This section is focused on preparing the raw data such that THELI can digest it. You can automatically sort the raw data, have to modify the fits headers, and in case of multi-chip cameras split the images into individual chips. Lastly, multi-chip data can be redistributed to different hard disks for faster processing.


7.1. Sort data using FITS key

If the scientific data and their corresponding calibration files are all mixed up, then you can attempt to identify different image types based on the value of a certain FITS keyword, e.g. the OBJECT key.

All images belonging to one category will be collected in a correspondingly named sub-directory. All other images that remain unmatched are assumed to be target observations and will be put in a sub-directory called SCIENCE.

7.1.1. Parameters


  • FITS KEY: The keyword that identifies the data type
  • BIAS: The string for a bias
  • DARK: The string for a dark
  • DOMEFLAT: The string for a domeflat
  • SKYFLAT: The string for a skyflat
  • STANDARD: The string for a standard star field

7.1.2. Check the sorting

After the data have been sorted, you should go into the individual sub-directories and run the following command in a console to verify data consistency (possibly adjusting the FITS keyword names)

dfits *.fits | fitsort EXPTIME FILTER OBJECT DATE-OBS

In this way you can easily see if e.g. a flat-field slipped into your biases, or a bias into your SCIENCE directory.

Another very useful command to check for outliers or bad images in the BIAS, DARK and FLAT directories is to look at basic image statistics:

imstats *.fits

If you cannot find these binaries, then you did not include THELI’s binary directory in your PATH variable (details).

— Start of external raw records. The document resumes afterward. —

(* There exists a constant $C_0$ such that for every $m,\ell\ge1$, every choice of $\sigma_1\ge\sigma_2\ge\dots\ge\sigma_m\ge0$, $\rho_1\ge\rho_2\ge\dots\ge\rho_\ell>0$, $b_1,\dots,b_m>0$, $c_1,\dots,c_\ell>0$, every $1\le k\le\ell$, and both choices of sign, \[ \Bigl|\int_0^{\sqrt{\rho_\ell}}e^{\frac12i\lambda^2}e^{\pm i\sum_{j=1}^mb_j\sqrt{\lambda^2+\sigma_j}}\exp\Bigl(-\sum_{i=1}^\ell c_i\sqrt{\rho_i-\lambda^2}\Bigr)\frac{\lambda}{\sqrt{\rho_k-\lambda^2}}\,d\lambda\Bigr|\le C_0\min\Bigl[(1+\sigma_1+\rho_\ell)^{1/4},\ m^{3/2}c_k^{-1}\max_{j,i}(b_j+c_i)\Bigr]. \] *)

From Stdlib Require Import Reals.
From Coquelicot Require Import Coquelicot.
Open Scope R_scope.

Fixpoint sum1 (f : nat -> R) (n : nat) : R :=
  match n with
  | O => 0
  | S n' => sum1 f n' + f (S n')
  end.

Fixpoint max1 (f : nat -> R) (n : nat) : R :=
  match n with
  | O => 0
  | 1%nat => f 1%nat
  | S n' => Rmax (max1 f n') (f (S n'))
  end.

(* The integrand
   e^{i lam^2/2} e^{eps i sum_j b_j sqrt(lam^2+sigma_j)}
     * exp(- sum_i c_i sqrt(rho_i - lam^2)) * lam / sqrt(rho_k - lam^2),
   written as amp * (cos phase, sin phase) with the real amplitude amp. *)
Definition integrand (m l k : nat) (eps : R) (sigma rho b c : nat -> R)
  (lam : R) : C :=
  let phase := lam ^ 2 / 2 + eps * sum1 (fun j => b j * sqrt (lam ^ 2 + sigma j)) m in
  let amp := exp (- sum1 (fun i => c i * sqrt (rho i - lam ^ 2)) l)
             * lam / sqrt (rho k - lam ^ 2) in
  (amp * cos phase, amp * sin phase).

(* Write the integrand as x A(x) e^{i psi(x)}, with the increasing amplitude
   A(x) = e^{-sum_i c_i sqrt(rho_i - x^2)} / sqrt(rho_k - x^2) and the phase
   psi(x) = x^2/2 +- sum_j b_j sqrt(x^2 + sigma_j), and bound the real and imaginary parts
   separately. Since x A(x) <= x / sqrt(rho_l - x^2), the integral over [y, z] is at most
   sqrt(rho_l - y^2): this gives convergence at sqrt(rho_l) and handles [0, 1] as well as the
   end of the interval where rho_l - x^2 is small. On the rest one integrates by parts.
   Against the whole phase, psi'(x) = x h(x) with h = 1 +- sum_j b_j / sqrt(x^2 + sigma_j)
   monotone, a van der Corput argument with the cut-off |h| >= (rho_l + sigma_1)^{-1/2}
   yields the bound (1 + sigma_1 + rho_l)^{1/4}. Against the chirp x^2/2 alone, the factor
   e^{+- i sum_j b_j sqrt(x^2 + sigma_j)} becomes part of the amplitude, with derivative
   at most sum_j b_j, and int x A <= 1/c_k yields the bound m^{3/2} c_k^{-1} max (b_j + c_i). *)

From Stdlib Require Import Reals Lra Lia Psatz.
From Coquelicot Require Import Coquelicot.
Open Scope R_scope.

(** * Finite sums *)

Lemma sum1_le (f g : nat -> R) n :
  (forall j, (1 <= j <= n)%nat -> f j <= g j) -> sum1 f n <= sum1 g n.
Proof.
  induction n as [|n IH]; intros H; simpl; [lra|].
  assert (sum1 f n <= sum1 g n) by (apply IH; intros; apply H; lia).
  assert (f (S n) <= g (S n)) by (apply H; lia).
  lra.
Qed.

Lemma sum1_nonneg (f : nat -> R) n :
  (forall j, (1 <= j <= n)%nat -> 0 <= f j) -> 0 <= sum1 f n.
Proof.
  induction n as [|n IH]; intros H; simpl; [lra|].
  assert (0 <= sum1 f n) by (apply IH; intros; apply H; lia).
  assert (0 <= f (S n)) by (apply H; lia).
  lra.
Qed.

Lemma sum1_scal (f : nat -> R) a n : sum1 (fun j => a * f j) n = a * sum1 f n.
Proof. induction n; simpl; [ring | rewrite IHn; ring]. Qed.

Lemma sum1_const (a : R) n : sum1 (fun _ => a) n = INR n * a.
Proof. induction n; cbn [sum1]; [simpl; ring | rewrite IHn, S_INR; ring]. Qed.

Lemma sum1_ge_term (f : nat -> R) n k :
  (forall j, (1 <= j <= n)%nat -> 0 <= f j) -> (1 <= k <= n)%nat -> f k <= sum1 f n.
Proof.
  induction n as [|n IH]; intros H Hk; [lia|]. simpl.
  destruct (Nat.eq_dec k (S n)) as [->|Hne].
  - assert (0 <= sum1 f n) by (apply sum1_nonneg; intros; apply H; lia). lra.
  - assert (f k <= sum1 f n) by (apply IH; [intros; apply H; lia | lia]).
    assert (0 <= f (S n)) by (apply H; lia). lra.
Qed.

Lemma max1_ge (f : nat -> R) n j : (1 <= j <= n)%nat -> f j <= max1 f n.
Proof.
  induction n as [|[|n] IH]; intros Hj; [lia| |].
  - replace j with 1%nat by lia. simpl. lra.
  - change (max1 f (S (S n))) with (Rmax (max1 f (S n)) (f (S (S n)))).
    destruct (Nat.eq_dec j (S (S n))) as [->|Hne].
    + apply Rmax_r.
    + eapply Rle_trans; [apply IH; lia | apply Rmax_l].
Qed.

Lemma nonincreasing_le (u : nat -> R) n :
  (forall i, (1 <= i < n)%nat -> u (S i) <= u i) ->
  forall i j, (1 <= i <= j)%nat -> (j <= n)%nat -> u j <= u i.
Proof.
  intros H i j. induction j as [|j IH]; intros Hij Hjn; [lia|].
  destruct (Nat.eq_dec i (S j)) as [->|Hne]; [lra|].
  assert (u j <= u i) by (apply IH; lia).
  assert (u (S j) <= u j) by (apply H; lia).
  lra.
Qed.

Lemma is_derive_sum1 (F : nat -> R -> R) (F' : nat -> R) n x :
  (forall j, (1 <= j <= n)%nat -> is_derive (F j) x (F' j)) ->
  is_derive (fun y => sum1 (fun j => F j y) n) x (sum1 F' n).
Proof.
  induction n as [|n IH]; intros H; simpl.
  - apply (is_derive_const 0).
  - apply (is_derive_plus (fun y => sum1 (fun j => F j y) n) (F (S n))).
    + apply IH; intros; apply H; lia.
    + apply H; lia.
Qed.

Lemma continuous_sum1 (F : nat -> R -> R) n x :
  (forall j, (1 <= j <= n)%nat -> continuous (F j) x) ->
  continuous (fun y => sum1 (fun j => F j y) n) x.
Proof.
  induction n as [|n IH]; intros H; simpl.
  - apply continuous_const.
  - apply (continuous_plus (fun y => sum1 (fun j => F j y) n) (F (S n))).
    + apply IH; intros; apply H; lia.
    + apply H; lia.
Qed.

(** * Calculus on real intervals *)

(* Coquelicot states these for functions into an abstract normed module, and they do not
   unify with real functions without help. *)
Lemma cont_mult (f g : R -> R) x :
  continuous f x -> continuous g x -> continuous (fun y => f y * g y) x.
Proof. intros; apply (continuous_mult f g); auto. Qed.

Lemma cont_plus (f g : R -> R) x :
  continuous f x -> continuous g x -> continuous (fun y => f y + g y) x.
Proof. intros; apply (continuous_plus f g); auto. Qed.

Lemma cont_minus (f g : R -> R) x :
  continuous f x -> continuous g x -> continuous (fun y => f y - g y) x.
Proof. intros; apply (continuous_minus f g); auto. Qed.

Lemma cont_inv (f : R -> R) x :
  continuous f x -> f x <> 0 -> continuous (fun y => / f y) x.
Proof. intros; apply (continuous_Rinv_comp f); auto. Qed.

Lemma cont_div (f g : R -> R) x :
  continuous f x -> continuous g x -> g x <> 0 -> continuous (fun y => f y / g y) x.
Proof. intros. apply cont_mult; [|apply cont_inv]; auto. Qed.

Lemma cont_comp (f g : R -> R) x :
  continuous g x -> continuous f (g x) -> continuous (fun y => f (g y)) x.
Proof. intros; apply (continuous_comp g f); auto. Qed.

Lemma cont_abs (f : R -> R) x : continuous f x -> continuous (fun y => Rabs (f y)) x.
Proof. intros; apply (continuous_Rabs_comp f); auto. Qed.

Lemma continuous_of_is_derive (f : R -> R) x l : is_derive f x l -> continuous f x.
Proof.
  intros H. apply (ex_derive_continuous (K := R_AbsRing) (V := R_NormedModule) f x).
  exists l; exact H.
Qed.

Lemma continuous_of_ex_derive (f : R -> R) x : ex_derive f x -> continuous f x.
Proof. intros [l H]. exact (continuous_of_is_derive f x l H). Qed.

Lemma is_derive_Rmult (f g : R -> R) x df dg :
  is_derive f x df -> is_derive g x dg ->
  is_derive (fun y => f y * g y) x (df * g x + f x * dg).
Proof. intros. apply (is_derive_mult f g); auto. intros; apply Rmult_comm. Qed.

No sorting with respect to various filters is done. If you e.g. took flat fields in UBVRI filters, then all these flats will be put into the same FLAT directory. You must redistribute them manually.

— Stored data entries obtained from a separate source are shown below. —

(* Let $F$ be an algebraically closed field, $R$ an $F$-algebra, $\sigma$ an $F$-algebra automorphism and $\delta$ a $\sigma$-derivation of $R$, and $T=R[x;\sigma,\delta]$. Assume that $T$ is a Hopf $F$-algebra and that $R$ is a right or left coideal subalgebra of $T$. Then either every $M\in\Xi(T)$ is of invariant type, or every $M\in\Xi(T)$ is of variant type.
   Context: Hopf algebras have bijective antipode. $R[x;\sigma,\delta]$ is the skew polynomial algebra with $xr-\sigma(r)x=\delta(r)$, $\delta(ab)=\delta(a)b+\sigma(a)\delta(b)$. $\Xi(T)$ is the set of ideals $M$ of $T$ with $T/M\cong F$. For $M\in\Xi(T)$ put $\mathfrak m=M\cap R$. $M$ is of invariant type if $\sigma(\mathfrak m)=\mathfrak m$ and $\delta(\mathfrak m)\subseteq\mathfrak m$; $M$ is of variant type if $\sigma(\mathfrak m)\neq\mathfrak m$ and $\delta([R,R])\subseteq\mathfrak m$, where $[R,R]$ is the set of commutators. *)

From HB Require Import structures.
From mathcomp Require Import all_boot all_order all_algebra.
Set Implicit Arguments. Unset Strict Implicit. Unset Printing Implicit Defensive.
Import Order.TTheory GRing.Theory.
Local Open Scope ring_scope.

Section Defs.
Variable F : fieldType.

Definition lin_functional (V : lmodType F) (f : V -> F) : Prop :=
  forall (k : F) (a b : V), f (k *: a + b) = k * f a + f b.

Definition lin_map (V W : lmodType F) (f : V -> W) : Prop :=
  forall (k : F) (a b : V), f (k *: a + b) = k *: f a + f b.

Definition alg_hom (A B : algType F) (f : A -> B) : Prop :=
  [/\ lin_map f, forall a b, f (a * b) = f a * f b & f 1 = 1].

Definition alg_char (A : algType F) (f : A -> F) : Prop :=
  [/\ lin_functional f, forall a b, f (a * b) = f a * f b & f 1 = 1].

Definition alg_automorphism (A : algType F) (s : A -> A) : Prop :=
  alg_hom s /\ bijective s.

Definition sigma_derivation (A : algType F) (s d : A -> A) : Prop :=
  lin_map d /\ forall a b, d (a * b) = d a * b + s a * d b.

(* T = R[x; sigma, delta] (Goodearl-Warfield): iota embeds R as a subalgebra of
   T, T is a free left R-module with basis 1, x, x^2, ..., and
   x r - sigma(r) x = delta(r) for all r in R. *)
Definition is_skew_poly_ext (R T : algType F) (iota : R -> T)
    (s d : R -> R) (x : T) : Prop :=
  [/\ alg_hom iota,
      forall r, x * iota r - iota (s r) * x = iota (d r),
      forall t : T, exists c : seq R,
        t = \sum_(i < size c) iota c`_i * x ^+ i
    & forall c : seq R,
        \sum_(i < size c) iota c`_i * x ^+ i = 0 -> forall i, c`_i = 0].

(* An element of T (x) T (resp. T (x) T (x) T) is represented by a finite
   list of elementary tensors, the list [:: (a1,b1); ...] standing for
   a1 (x) b1 + ... .  Two representatives denote the same tensor iff all
   functionals f (x) g (with f, g linear functionals) agree on them
   (over a field these separate the points of the algebraic tensor product). *)
Variable T : algType F.

Definition tens2 := seq (T * T).
Definition tens3 := seq (T * T * T).

Definition ev2 (f g : T -> F) (u : tens2) : F :=
  \sum_(p <- u) f p.1 * g p.2.
Definition ev3 (f g h : T -> F) (u : tens3) : F :=
  \sum_(p <- u) f p.1.1 * g p.1.2 * h p.2.

Definition teq2 (u v : tens2) : Prop :=
  forall f g, lin_functional f -> lin_functional g -> ev2 f g u = ev2 f g v.
Definition teq3 (u v : tens3) : Prop :=
  forall f g h, lin_functional f -> lin_functional g -> lin_functional h ->
    ev3 f g h u = ev3 f g h v.

Definition tscale (k : F) (u : tens2) : tens2 := [seq (k *: p.1, p.2) | p <- u].
Definition tmul (u v : tens2) : tens2 := [seq (p.1 * q.1, p.2 * q.2) | p <- u, q <- v].

Definition Delta_id (D : T -> tens2) (u : tens2) : tens3 :=
  flatten [seq [seq (q.1, q.2, p.2) | q <- D p.1] | p <- u].
Definition id_Delta (D : T -> tens2) (u : tens2) : tens3 :=
  flatten [seq [seq (p.1, q.1, q.2) | q <- D p.2] | p <- u].

Definition is_hopf (D : T -> tens2) (eps : T -> F) (S : T -> T) : Prop :=
      (forall k a b, teq2 (D (k *: a + b)) (tscale k (D a) ++ D b)) /\
      (forall a b, teq2 (D (a * b)) (tmul (D a) (D b))) /\
      teq2 (D 1) [:: (1, 1)] /\
      (forall t, teq3 (Delta_id D (D t)) (id_Delta D (D t))) /\
      alg_char eps /\
      (forall t, \sum_(p <- D t) eps p.1 *: p.2 = t) /\
      (forall t, \sum_(p <- D t) eps p.2 *: p.1 = t) /\
      lin_map S /\
      (forall t, \sum_(p <- D t) S p.1 * p.2 = (eps t)%:A) /\
      (forall t, \sum_(p <- D t) p.1 * S p.2 = (eps t)%:A) /\
      bijective S.

(* C is a right coideal: Delta(C) is contained in C (x) T;
   left coideal: Delta(C) is contained in T (x) C. *)
Definition right_coideal (D : T -> tens2) (C : T -> Prop) : Prop :=
  forall c, C c -> exists u : tens2, teq2 (D c) u /\ forall p, p \in u -> C p.1.
Definition left_coideal (D : T -> tens2) (C : T -> Prop) : Prop :=
  forall c, C c -> exists u : tens2, teq2 (D c) u /\ forall p, p \in u -> C p.2.

Definition two_sided_ideal (M : T -> Prop) : Prop :=
  [/\ M 0, (forall k a b, M a -> M b -> M (k *: a + b))
    & forall a b, M b -> M (a * b) /\ M (b * a)].

(* M in Xi(T): M is an ideal of T with T/M isomorphic to F (as F-algebras),
   i.e. M is the kernel of an (automatically surjective) F-algebra map T -> F. *)
Definition in_Xi (M : T -> Prop) : Prop :=
  two_sided_ideal M /\
  exists phi : T -> F, alg_char phi /\ forall t, M t <-> phi t = 0.

End Defs.

Section Types.
Variables (F : fieldType) (R T : algType F).
Variables (iota : R -> T) (s d : R -> R).

Definition contr (M : T -> Prop) : R -> Prop := fun r => M (iota r).

Definition invariant_type (M : T -> Prop) : Prop :=
  let m := contr M in
  (forall r, m r <-> exists r', m r' /\ s r' = r) /\
  (forall r, m r -> m (d r)).

Definition variant_type (M : T -> Prop) : Prop :=
  let m := contr M in
  ~ (forall r, m r <-> exists r', m r' /\ s r' = r) /\
  (forall a b : R, m (d (a * b - b * a))).
End Types.

(* Points of Xi(T) are the kernels of characters phi : T -> F, and the type of
   ker phi only depends on whether phi o iota is sigma-invariant.  Characters of
   the Hopf algebra T form a group under convolution, with inverse phi o S, and
   since R is a coideal the convolution of two characters restricted to R only
   depends on their restrictions to R.  A character that is not invariant is
   determined by its restriction to R (the relation x r - s(r) x = d(r) fixes
   its value at x); using it, convolution shows that every character is
   determined by its restriction to R.  An invariant character, however, kills
   d(R), so its restriction to R extends to T with x sent to any scalar.  Hence
   invariant and non-invariant characters cannot coexist. *)

From mathcomp Require Import all_boot all_order all_algebra.
From mathcomp Require Import ring.
From Stdlib Require Import Classical ClassicalEpsilon.
Set Implicit Arguments. Unset Strict Implicit. Unset Printing Implicit Defensive.
Import GRing.Theory.
Local Open Scope ring_scope.

Section LinearMaps.
Variables (F : fieldType) (V W : lmodType F).

Lemma lin_map0 (f : V -> W) : lin_map f -> f 0 = 0.
Proof.
move=> lf; apply: (@addrI _ (f 0)); rewrite addr0 -{1}[f 0]scale1r -lf.
by rewrite scale1r addr0.
Qed.

Lemma lin_mapD (f : V -> W) a b : lin_map f -> f (a + b) = f a + f b.
Proof. by move=> lf; have := lf 1 a b; rewrite !scale1r. Qed.

Lemma lin_mapZ (f : V -> W) k a : lin_map f -> f (k *: a) = k *: f a.
Proof. by move=> lf; rewrite -[k *: a]addr0 lf lin_map0 // addr0. Qed.

Lemma lin_mapB (f : V -> W) a b : lin_map f -> f (a - b) = f a - f b.
Proof. by move=> lf; rewrite lin_mapD // -scaleN1r lin_mapZ // scaleN1r. Qed.

Lemma lin_map_sum (f : V -> W) I (r : seq I) (G : I -> V) : lin_map f ->
  f (\sum_(i <- r) G i) = \sum_(i <- r) f (G i).
Proof.
move=> lf; elim: r => [|i r IH]; first by rewrite !big_nil lin_map0.
by rewrite !big_cons lin_mapD // IH.
Qed.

This task relies on the integrity of the chosen FITS header keyword. If a flat is accidentally identified as a bias, then it will be put in the BIAS sub-directory etc. No further automatic consistency checks are performed by THELI. You still have to make sure that images end up in the correct sub-directories (see above for some helpful commands).

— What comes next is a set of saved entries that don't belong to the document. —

(* Fix $n\ge1$. There exist $c_n>0$ and $\kappa_0>0$ such that for all $0<\kappa<\kappa_0$: for every $j$ with $|j|\le k-1$ and $I_j\neq\emptyset$, $$\min_{x\in I_j}\psi_{n,j}(x)\ge c_n\kappa,$$ and moreover $\psi_{n,k}(a_k)\ge c_n\kappa$ and $\psi_{n,-k}(-a_k)\ge c_n\kappa$.
   Context: Fix $n\ge1$. Let $h_n$ be the physicists' Hermite polynomial $h_n(y)=(-1)^ne^{y^2}\frac{d^n}{dy^n}e^{-y^2}$, $\varphi(y)=e^{-y^2/2}$, $\Psi_n=h_n\varphi$. Let $0\le z_1<z_2<\dots<z_k$ be the nonnegative zeros of $h_n$, where $k=n/2$ if $n$ is even (then $z_1>0$) and $k=(n+1)/2$ if $n$ is odd (then $z_1=0$). For $\kappa>0$ define: $a_1=\lfloor z_1/\kappa\rfloor+1$; $\beta_1=1$ if $z_1=0$ and $\beta_1=z_1/(\kappa(a_1-1))$ otherwise; for $2\le j\le k$, $a_j=\lfloor z_j/(\beta_{j-1}\kappa)\rfloor+1$ and $\beta_j=z_j/(\kappa(a_j-1))$; for $1\le j\le k-1$, $b_j=\lfloor z_{j+1}/(\beta_j\kappa)\rfloor-1$, and $b_k=\infty$. Set $I_j=[a_j,b_j]\cap\mathbb{Z}$ for $1\le j\le k$ (so $I_k=[a_k,\infty)\cap\mathbb{Z}$), $I_{-j}=[-b_j,-a_j]\cap\mathbb{Z}$ and $\beta_{-j}=\beta_j$. If $n$ is even, put $b_0=a_1-2$, $I_0=[-b_0,b_0]\cap\mathbb{Z}$ and $\beta_0=1$; if $n$ is odd, $I_0=\emptyset$. For $x\in I_j$ set $\psi_{n,j}(x)=|h_n(\beta_j\kappa x)|\,\varphi(\beta_j\kappa x)$. *)

From Stdlib Require Import Reals ZArith Lia Lra.
From Coquelicot Require Import Coquelicot.
Open Scope R_scope.

Definition hermite (n : nat) (y : R) : R :=
  (-1) ^ n * exp (y ^ 2) * Derive_n (fun t => exp (- t ^ 2)) n y.

Definition phi (y : R) : R := exp (- y ^ 2 / 2).

(* k = n/2 (n even), (n+1)/2 (n odd); both equal floor((n+1)/2). *)
Definition kk (n : nat) : nat := ((n + 1) / 2)%nat.

Definition nonneg_zeros (n : nat) (z : nat -> R) : Prop :=
  (forall i j, (1 <= i)%nat -> (i < j)%nat -> (j <= kk n)%nat -> z i < z j) /\
  (forall j, (1 <= j <= kk n)%nat -> 0 <= z j /\ hermite n (z j) = 0) /\
  (forall y, 0 <= y -> hermite n y = 0 ->
     exists j, (1 <= j <= kk n)%nat /\ y = z j).

(* (a_j, beta_j) for j >= 1 (value at j = 0 is a dummy). *)
Fixpoint abeta (z : nat -> R) (kappa : R) (j : nat) : Z * R :=
  match j with
  | O => (0%Z, 1)
  | S j' =>
      match j' with
      | O =>
          let a := (Int_part (z 1%nat / kappa) + 1)%Z in
          (a, if Req_EM_T (z 1%nat) 0 then 1
              else z 1%nat / (kappa * IZR (a - 1)))
      | S _ =>
          let bprev := snd (abeta z kappa j') in
          let a := (Int_part (z j / (bprev * kappa)) + 1)%Z in
          (a, z j / (kappa * IZR (a - 1)))
      end
  end.

Definition aa (z : nat -> R) (kappa : R) (j : nat) : Z := fst (abeta z kappa j).
Definition beta (z : nat -> R) (kappa : R) (j : nat) : R := snd (abeta z kappa j).

Definition bb (z : nat -> R) (kappa : R) (j : nat) : Z :=
  (Int_part (z (S j) / (beta z kappa j * kappa)) - 1)%Z.

Definition inI (n : nat) (z : nat -> R) (kappa : R) (j x : Z) : Prop :=
  if (j =? 0)%Z then
    (if Nat.even n then
       let b0 := (aa z kappa 1 - 2)%Z in (- b0 <= x <= b0)%Z
     else False)
  else
    let m := Z.abs_nat j in
    if (0 <? j)%Z then
      (if (m <? kk n)%nat then (aa z kappa m <= x <= bb z kappa m)%Z
       else (aa z kappa m <= x)%Z)
    else
      (if (m <? kk n)%nat then (- bb z kappa m <= x <= - aa z kappa m)%Z
       else (x <= - aa z kappa m)%Z).

Definition betaZ (z : nat -> R) (kappa : R) (j : Z) : R :=
  if (j =? 0)%Z then 1 else beta z kappa (Z.abs_nat j).

Definition psi (n : nat) (z : nat -> R) (kappa : R) (j x : Z) : R :=
  let y := betaZ z kappa j * kappa * IZR x in
  Rabs (hermite n y) * phi y.

(* The [h_n] are generated by their three-term recurrence.  Since [h_(n+1)' = 2 (n+1) h_n]
   and consecutive [h_n] have no common root, every zero of [h_n] is simple, so [|h_n|]
   grows at least linearly away from it; with compactness this gives [c, d > 0] such that
   [|h_n y| >= c e] whenever [y] lies at depth [e <= d] inside a gap between consecutive
   zeros, or at distance [e] beyond the last one.  The recursion for [a_j, beta_j] keeps
   [1 <= beta_j <= 2^j] and puts [z_j] exactly at [beta_j kappa (a_j - 1)], so the points
   [beta_j kappa x], [x] in [I_j], lie at depth [beta_j kappa >= kappa] inside the gap
   [(z_j, z_(j+1))] (or [(-z_1, z_1)] for [I_0]) and in a fixed compact set on which [phi]
   is bounded below.  Negative indices follow by parity. *)

From Stdlib Require Import Reals ZArith Lia Lra.
From Coquelicot Require Import Coquelicot.
Open Scope R_scope.

Fixpoint hermite_poly (n : nat) (y : R) : R :=
  match n with
  | O => 1
  | S m =>
      match m with
      | O => 2 * y
      | S p => 2 * y * hermite_poly m y - 2 * INR m * hermite_poly p y
      end
  end.

Lemma hermite_poly_succ n y :
  hermite_poly (S n) y = 2 * y * hermite_poly n y - 2 * INR n * hermite_poly (n - 1) y.
Proof. destruct n; simpl; [ring | rewrite Nat.sub_0_r; reflexivity]. Qed.

Lemma hermite_poly_opp n y : hermite_poly n (- y) = (-1) ^ n * hermite_poly n y.
Proof.
  enough (H : hermite_poly n (- y) = (-1) ^ n * hermite_poly n y /\
              hermite_poly (S n) (- y) = (-1) ^ S n * hermite_poly (S n) y) by apply H.
  induction n as [|n [IH IHS]]; [simpl; split; ring|].
  split; [exact IHS|].
  rewrite (hermite_poly_succ (S n)), (hermite_poly_succ (S n) y), Nat.sub_succ, Nat.sub_0_r.
  rewrite IH, IHS. simpl. ring.
Qed.

Lemma Rabs_hermite_poly_opp n y : Rabs (hermite_poly n (- y)) = Rabs (hermite_poly n y).
Proof. rewrite hermite_poly_opp, Rabs_mult, pow_1_abs. ring. Qed.

Lemma is_derive_hermite_poly n (y : R) :
  is_derive (hermite_poly n) y (2 * INR n * hermite_poly (n - 1) y).
Proof.
  enough (H : forall y : R, is_derive (hermite_poly n) y (2 * INR n * hermite_poly (n - 1) y) /\
    is_derive (hermite_poly (S n)) y (2 * INR (S n) * hermite_poly n y)) by apply H.
  induction n as [|n IH]; intro t.
  - split; simpl.
    + replace (2 * 0 * 1) with 0 by ring. apply (is_derive_const 1).
    + replace (2 * 1 * 1) with (2 * 1) by ring. apply is_derive_scal, (is_derive_id t).
  - destruct (IH t) as [D DS]. split; [rewrite Nat.sub_succ, Nat.sub_0_r; exact DS|].
    apply (is_derive_ext (fun u => 2 * (u * hermite_poly (S n) u) -
                                   2 * INR (S n) * hermite_poly n u)).
    { intro u. rewrite (hermite_poly_succ (S n)), Nat.sub_succ, Nat.sub_0_r. simpl. ring. }
    replace (2 * INR (S (S n)) * hermite_poly (S n) t) with
      (2 * (1 * hermite_poly (S n) t + t * (2 * INR (S n) * hermite_poly n t))
       - 2 * INR (S n) * (2 * INR n * hermite_poly (n - 1) t))
      by (rewrite (hermite_poly_succ n), !S_INR; ring).
    exact (is_derive_minus _ _ t _ _
             (is_derive_scal _ t 2 _ (is_derive_mult (fun u => u) _ t _ _ (is_derive_id t) DS
                                        (fun _ _ => Rmult_comm _ _)))
             (is_derive_scal _ t (2 * INR (S n)) _ D)).
Qed.

Lemma continuity_pt_hermite_poly n y : continuity_pt (hermite_poly n) y.
Proof.
  apply continuity_pt_filterlim, (ex_derive_continuous (V := R_NormedModule)).
  eexists; apply is_derive_hermite_poly.
Qed.

Lemma hermite_poly_no_common_root n a :
  hermite_poly (S n) a = 0 -> hermite_poly n a <> 0.
Proof.
  revert a; induction n as [|n IH]; intros a HS H; [simpl in H; lra|].
  apply (IH a H). rewrite hermite_poly_succ, Nat.sub_succ, Nat.sub_0_r, H in HS.
  assert (0 < INR (S n)) by (apply lt_0_INR; lia). nra.
Qed.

7.2. Split FITS / correct header

The main job of this task is to split multi-extension FITS files into the single chips, thus allowing for parallel processing. It also writes a new FITS header conform with the THELI pipeline. If single-chip images are provided, only the FITS header will be updated. Optionally, a crosstalk correction can be applied, and the image can be renamed.

This task will be applied to all sub-directories that have been specified in INITIALISE. If a master calibration file (bias, flat or dark) is found, then the corresponding directory will be skipped. THELI will try to correct all other files present. If a FITS image is found that was run through this step before (judging from certain header information), then it will be skipped.

At this point THELI will also replace the following characters in the file names and in the FILTER header keyword with underscores (‘_’):

$ , | " ' ; [ ] ! % / ( )


Only uncompressed FITS images, and no other files, should be present in the directory in which you attempt splitting. Otherwise an error will be returned, which may or may not have further consequences during processing.

7.2.1. Parameters


  • Rename file to FITS key: The raw images can optionally be renamed to the string value of an arbitrary FITS keyword. This is useful if the software running at the telescope does not assign an unambiguous name to the file, but only to a certain header keyword.
  • Normal crosstalk: Typical for CCDs and near-IR HAWAII detector arrays with several readout quadrants. Bright sources cause a ghost image in the other readout quadrants. You must specify the amplitude of the effect.
  • Row crosstalk: Typical for CCDs and near-IR HAWAII detector arrays with one or several readout quadrants. The rows or columns going through a bright source have an enhanced background level (banding). The same rows in other readout quadrants can be affected, too. You must specify the amplitude of the effect.
  • Multi crosstalk: Typical for HAWAII-2 detectors with their larger number of readout stripes. Bright sources leave ghost images in the other readout sections. You must specify the number of readouts. This task will calculate the median of all readouts and subtract it from each readout.

Crosstalk amplitudes can range from very small (0.0001) to very large (a few percent of the brightness of the source). THELI makes no assumptions about the crosstalk amplitude for the various instruments, which means you have to figure it out yourself through trial-and-error. When the crosstalk becomes invisible in the coadded image, then you got it right.


The crosstalk amplitude must be a negative number if bright sources cause dark crosstalk features.


The crosstalk correction assumes that the crosstalk amplitude is the same for all readout quadrants. This is commonly the case for HAWAII-1 detectors with 4 readout sections, but can be different for HAWAII-2 arrays with multiple readouts. In the latter case crosstalk correction will be incomplete with THELI.


Crosstalk correction across different physical CCDs (e.g. a ghost image of one detector shows up in another) is not yet supported in THELI.